The reason is gold-futures trading, which dominates gold's near-term price action. Understanding how this works is essential if you want to trade gold, silver, and their miners' stocks. Leverage allowed in gold futures is extreme, running as high as 24.0x mid-week! For traders daring to bet at that full 24x, a mere 4.2% gold move against their positions wipes 100% of their capital risked! They can't afford to be wrong for long.

That necessitates shrinking their trading time horizons to the ultra-short-term, days or maybe weeks on the outside. They can't care about gold's bullish fundamentals including massive underinvestment and colossal global money-supply growth. All that matters is what gold is likely to do immediately. So these super-leveraged traders fixate on the US dollar's fortunes, moving quickly to do the opposite in their trading.

Leading into this Tuesday's CPI print, gold was stable near $2,029. That was just 2.4% under achieving more new nominal record highs. In the hours before the CPI's release, the USDX was drifting lower to 104.0. Yet when that CPI inflation came in hotter, within minutes the USDX soared 0.6% verticallyto hit 104.6! Gold was slammed immediately on what looked like sizable gold-futures selling, plunging sharply.

When the dust settled that day, the USDX had rallied 0.7% while gold dropped 1.3%. Unfortunately the gold-futures specs' crazy leverage grants them outsized influence on gold prices. At that 24x maximum, each dollar traded in gold futures has 24x the gold-price impact as a dollar invested outright! Giving these guys even more power, the resulting gold-futures price is gold's world reference one that investors watch.

So sharp gold-futures-driven gold selloffs really taint investors' sentiment. They see gold drop and grow bearish, even though heavy gold-futures selling is quite finite and quickly exhausts itself. That yields to proportional normalization buying, so gold soon blasts back higher in symmetrical mean-reversion rallies. This scenario played out in early October, when today's upleg was birthed in anomalous gold-futures selling.

Surprisingly the Fed's interest-rate levels aren't too important for gold. Before the FOMC launched its monster rate-hike cycle in March 2022, I did a comprehensive study on gold's behavior during all past Fed-rate-hike cyclesof the modern monetary era since 1971. Through the exact spans of all twelve of them, gold averaged excellent 29.2% gains! It is the US dollar that is sensitive to rates, not gold directly.

Currency traders always look to yield differentials between competing pairs. Higher odds of Fed hikes or cuts affect expected yields relative to other major currencies like the euro. So the US dollar is bid higher on any news that implies more hikes coming, higher rates for longer, or less cuts. That includes top Fed officials' speeches, FOMC decisions and accompanying rate projections, and major economic data like that CPI.
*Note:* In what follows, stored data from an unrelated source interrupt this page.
(* Let $\mathcal{D}=\langle\mathcal{I},\eta,P\rangle$ be a deductive database and $\mathcal{R}$ a request. A repair (respectively, relevant repair, constrained repair) for $(\mathcal{D},\mathcal{R})$ exists if and only if a weak repair (respectively, relevant weak repair, constrained weak repair) for $(\mathcal{D},\mathcal{R})$ exists.
   Context: Fix a finite set $\Pi$ of relation symbols, partitioned into base and derived predicates, and a countably infinite set $\mathit{Dom}$ of constants containing a null value $\bot$; $\mathit{Dom}_d=\mathit{Dom}\setminus\{\bot\}$. Facts are ground atoms over $\Pi$ and $\mathit{Dom}$ ($\mathit{At}$ = all facts); definite facts contain no $\bot$. For tuples, $t\preceq t'$ if each $t_i=t'_i$ or $t_i=\bot$; $a\approx b$ if some $s$ has $a\preceq s$, $b\preceq s$. For $S\subseteq\mathit{At}$: $S^{\Downarrow}=\{a:\exists b\in S, a\preceq b\}$, $S^{\Uparrow}=\{a:\exists b\in S, b\preceq a\}$, $S^{\approx}=\{a:\exists b\in S, b\approx a\}$, $S^\sim=S^\approx\setminus S^\Downarrow$. An (indefinite) database is $\mathcal{I}=\langle D,E\rangle$, $D,E$ finite sets of facts; $\mathcal{I}_t=D^\Downarrow$, $\mathcal{I}_u=D^\sim\setminus E^\Uparrow$. A possible world of $\mathcal{I}$ is a set $W$ of definite facts with $\mathcal{I}_t\subseteq W^\Downarrow$ and $W\subseteq\mathcal{I}_t\cup\mathcal{I}_u$; $W\models a$ iff $a\in W^\Downarrow$, else $W\models\neg a$. Integrity constraints (ICs) are first-order sentences over $\Pi$ and constants $\mathit{Dom}_d$; possible worlds are read as interpretations with domain $\mathit{Dom}_d$; $\mathcal{W}(\mathcal{I},\eta)$ is the set of possible worlds of $\mathcal{I}$ satisfying all ICs in $\eta$. A view $P$ is a safe Datalog program with negation (answer-set semantics), containing no $\bot$, with no base predicate in rule heads. A deductive database is $\mathcal{D}=\langle\mathcal{I},\eta,P\rangle$; it is consistent if $\mathcal{W}(\mathcal{I},\eta)\neq\emptyset$ and for every $W\in\mathcal{W}(\mathcal{I},\eta)$, $W\cup P$ has answer sets; $\mathcal{W}(\mathcal{D})$ is the family of all those answer sets. A fact $a$ has truth value $v_{\mathcal{D}}(a)=\mathbf{t}$ if $W\models a$ for all $W\in\mathcal{W}(\mathcal{D})$, $\mathbf{f}$ if $W\models\neg a$ for all such $W$, and $\mathbf{u}$ otherwise; truth values are ordered $\mathbf{f}\le\mathbf{u}\le\mathbf{t}$. Update actions are $+a^D,+a^E,-a^D,-a^E$ for base facts $a$ (insert into / delete from $D$ or $E$); an update is a set $U$ of update actions not containing both $+a^D,-a^D$ nor both $+a^E,-a^E$. $\langle D,E\rangle\circ U=\langle (D\cup U^D_+)\setminus U^D_-,(E\cup U^E_+)\setminus U^E_-\rangle$, where $U^D_+=\{a:+a^D\in U\}$ etc.; $\mathcal{D}\circ U=\langle\mathcal{I}\circ U,\eta,P\rangle$. A request is a pair $\mathcal{R}=(\mathcal{R}_t,\mathcal{R}_f)$ of disjoint sets of facts. A weak repair for $(\mathcal{D},\mathcal{R})$ is an update $U$ such that $\mathcal{D}\circ U$ is consistent, $v_{\mathcal{D}\circ U}(a)=\mathbf{t}$ for all $a\in\mathcal{R}_t$ and $v_{\mathcal{D}\circ U}(a)=\mathbf{f}$ for all $a\in\mathcal{R}_f$. A constant is relevant if it occurs in $\mathcal{D}$ or $\mathcal{R}$ or is $\bot$; a predicate is relevant if it occurs in $\mathcal{D}$ or $\mathcal{R}$; a weak repair is relevant if all its constants and predicates are relevant. $NC(\mathcal{D},\mathcal{R},U)$ is the set of non-null constants occurring in $U$ but not in $\mathcal{D}$ or $\mathcal{R}$. For updates $U,V$, $U\sqsubseteq V$ if $NC(\mathcal{D},\mathcal{R},U)\subsetneq NC(\mathcal{D},\mathcal{R},V)$, or these sets are equal and for every base fact $a$: if $v_{\mathcal{D}}(a)=\mathbf{t}$ then $v_{\mathcal{D}\circ U}(a)\ge v_{\mathcal{D}\circ V}(a)$; if $v_{\mathcal{D}}(a)=\mathbf{f}$ then $v_{\mathcal{D}\circ V}(a)\ge v_{\mathcal{D}\circ U}(a)$; if $v_{\mathcal{D}}(a)=\mathbf{u}$ then $v_{\mathcal{D}\circ U}(a)=\mathbf{u}$ or $v_{\mathcal{D}\circ V}(a)=v_{\mathcal{D}\circ U}(a)$. A (relevant) repair is a $\sqsubseteq$-minimal (relevant) weak repair. A relevant (weak) repair $U$ is constrained if there is no non-null constant $a$ in $U$ such that replacing some occurrences of $a$ in $U$ by a constant $b\neq a$ (possibly $b=\bot$) yields a weak repair; a constrained repair is a $\sqsubseteq$-minimal constrained weak repair. *)

From Stdlib Require Import List Arith Classical ClassicalEpsilon.
Import ListNotations.
Set Implicit Arguments.
Unset Asymmetric Patterns.
Lemma card_MWReach_cleaning_high r x : f b <= (I x).1 ->
  (#|MWReach le S2 r C x tau| <= 1)%N.
Proof.
move=> high; apply/card_le1_eqP=> w w'.
move=> /(MWReach_cleaning_high high) [p [le_wx w_tau p_par p_tau]].
move=> /(MWReach_cleaning_high high) [p' [le_w'x w'_tau p'_par p'_tau]].
case: (tree_chain tree le_wx le_w'x) => [le_ww'|le_w'w].
  by apply/esym/(cut_ancestor_unique le_ww' w_tau p'_par).
exact: cut_ancestor_unique le_w'w w'_tau p_par p_tau.
Qed.

End Cut.

Lemma MWReach_cleaning_dominated r (tau : R) x : is_leaf le x ->
  (exists rt, is_root le rt /\ tau < (C rt).1) -> (0 < #|MWReach le S2 r C x tau|)%N ->
  exists tau' x', [/\ is_leaf le x', (exists rt, is_root le rt /\ tau' < (I rt).1)
    & (#|MWReach le S2 r C x tau| <= #|MWReach le S2 r I x' tau'|)%N].
Proof.
move=> leaf_x [rt [root_rt rt_tau]] /card_gt0P [w w_in]; rewrite cleaning_fst in rt_tau.
have [b cut] := exists_cut (ex_intro _ rt rt_tau).
case: (ltP (I x).1 (f b)) => [x_low|x_high].
  pose endpoints := [seq (I y).1 | y <- enum T] ++ [seq (I y).2 | y <- enum T].
  have [t t_lt t_max] := exists_max_below endpoints x_low.
  exists t, x; split=> //.
    by exists rt; split=> //; apply: lt_le_trans t_lt (cut_fst_above cut rt_tau).
  have [fst_in snd_in] :
      (forall y, (I y).1 \in endpoints) /\ (forall y, (I y).2 \in endpoints).
    split=> y; rewrite mem_cat; [apply/orP; left|apply/orP; right];
      by apply/mapP; exists y; rewrite ?mem_enum.
  apply/subset_leq_card/MWReach_cleaning_sub => // y; apply: t_max;
    [exact: fst_in|exact: snd_in].
have [p [le_wx _ p_par _]] := MWReach_cleaning_high cut x_high w_in.
have w_p := ranking_fst_lt (proj1 p_par).
have root_w : exists rt, is_root le rt /\ (I w).1 < (I rt).1.
  by exists rt; split=> //; apply: lt_le_trans w_p (ranking_fst_anti (root_rt p)).
exists (I w).1, x; split=> //.
apply: leq_trans (card_MWReach_cleaning_high cut r x_high) _.
rewrite card_gt0; apply/set0Pn; exists w.
by apply: (MWReach_order0 S2 r root_w leaf_x le_wx p_par); rewrite lexx w_p.
Qed.

End Cleaning.

Theorem lemma5p5 (R : realType) (T Sig : finType) (le : rel T)
  (S2 : Sig -> bool -> rel T) (I : T -> R * R) :
  merge_model le S2 -> interval_ranking le S2 I ->
  forall r : nat, (0 < r)%N ->
  (w_r le S2 r (cleaning le I) <= w_r le S2 r I)%N.
Proof.
move=> [tree _ _ _ _] ranking r _; apply: w_r_le => tau x.
exact: MWReach_cleaning_dominated.
Qed.
Lemma kite_enum : exists b c,
  [/\ uniq [:: a; b; c; d], kite (a, B, d) =i [:: a; b; c; d]
     & kite_type (vtype m a) (vtype m b) (vtype m c) (vtype m d)].
Proof.
have [[la pa] sB /eqP/cards2P[b [c [bc EB]]] [ld pd]] := mem_kite_choice.
have /sB/[!inE]/andP[lb /eqP pb] : b \in B by rewrite EB !inE eqxx.
have /sB/[!inE]/andP[lc /eqP pc] : c \in B by rewrite EB !inE eqxx orbT.
have lvl1_neq (u w : 'I_n) : lvl1 m u -> ~~ lvl1 m w -> u != w.
  by move=> lu lw; apply: contraNneq lw => <-.
have ad : a != d by apply: contra_neq (nextp_neq (ltn_ord j)) => ad; rewrite -pd -ad pa.
exists b, c; split.
- have [ab ac] := (lvl1_neq _ _ la lb, lvl1_neq _ _ la lc).
  have [db dc] := (lvl1_neq _ _ ld lb, lvl1_neq _ _ ld lc).
  by rewrite /= !inE !negb_or ab ac ad bc (eq_sym b) db (eq_sym c) dc.
- by move=> v; rewrite EB !inE -!orbA.
- by rewrite /kite_type /= la lb lc ld pa pb pc pd !eqxx.
Qed.

End KiteChoice.

Lemma kites_of_kite_type (S : {set 'I_n}) a b c d :
  uniq [:: a; b; c; d] -> S =i [:: a; b; c; d] ->
  kite_type (vtype m a) (vtype m b) (vtype m c) (vtype m d) -> S \in kites.
Proof.
rewrite /= !inE !negb_or => /and4P[_ /andP[bc _] _ _] S_eq.
rewrite /kite_type /vtype /= => /and5P[la lb lc ld /and3P[/eqP pb /eqP pc /eqP pd]].
apply/imsetP; exists (Ordinal (part_lt3 a), (a, [set b; c], d)).
  rewrite !inE /= la ld pd cards2 bc !eqxx !andbT.
  by apply/subsetP => v; rewrite !inE => /orP[]/eqP->; rewrite ?lb ?lc ?pb ?pc eqxx.
by apply/setP => v; rewrite S_eq !inE -!orbA.
Qed.

Lemma kite_inj : {in kite_domain &, injective (fun x => kite x.2)}.
Proof.
move=> [j [[a B] d]] [j' [[a' B'] d']] choice choice' /= E.
have {}choice : (a, B, d) \in kite_choice j by move: choice; rewrite !inE.
have {}choice' : (a', B', d') \in kite_choice j' by move: choice'; rewrite !inE.
have EB : B = B' by rewrite -(kite_level2 choice) E (kite_level2 choice').
subst B'; have [_ sB cB _] := mem_kite_choice choice.
have [_ sB' _ _] := mem_kite_choice choice'.
have [b bB] : exists b, b \in B by apply/set0Pn; rewrite -card_gt0 cB.
have Ej : j = j'.
  apply: ord_inj; move: (sB b bB) (sB' b bB).
  by rewrite !inE => /andP[_ /eqP <-] /andP[_ /eqP].
subst j'; congr (_, (_, _, _)); apply: set1_inj.
  by rewrite -(kite_V1 choice) E (kite_V1 choice').
by rewrite -(kite_V1_next choice) E (kite_V1_next choice').
Qed.

Lemma card_kites : #|kites| = 3 * (m * 'C(k - m, 2) * m).
Proof.
rewrite card_in_imset; last exact: kite_inj.
rewrite (cards_depX (fun j : 'I_3 => kite_choice j)).
rewrite (eq_bigr (fun _ => m * 'C(k - m, 2) * m)) => [|j _]; last exact: card_kite_choice.
by rewrite sum_nat_const card_ord.
Qed.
Had the USDX not surged Tuesday on prospects for the FOMC keeping its FFR higher for longer, gold wouldn't have plunged. The gold-futures guys don't care about Fed rate odds, but they fade the USDX which does. A recent case in point was the December monthly US jobs report released in early January. That proved Fed-hawkish, coming in better than expected at +216k jobs versus +170k on January 5th.

That suggested the US economy remains robust, so Fed-rate-cut odds for the March FOMC meeting and all of 2024 fell considerably that day to 66% and 138bp. Yet gold held strong, drifting sideways in a flat day because the USDX only edged up 0.1%. There are plenty examples of gold ignoring shifting rate odds because the USDX didn't move. They only matter to gold because gold-futures specs watch the dollar.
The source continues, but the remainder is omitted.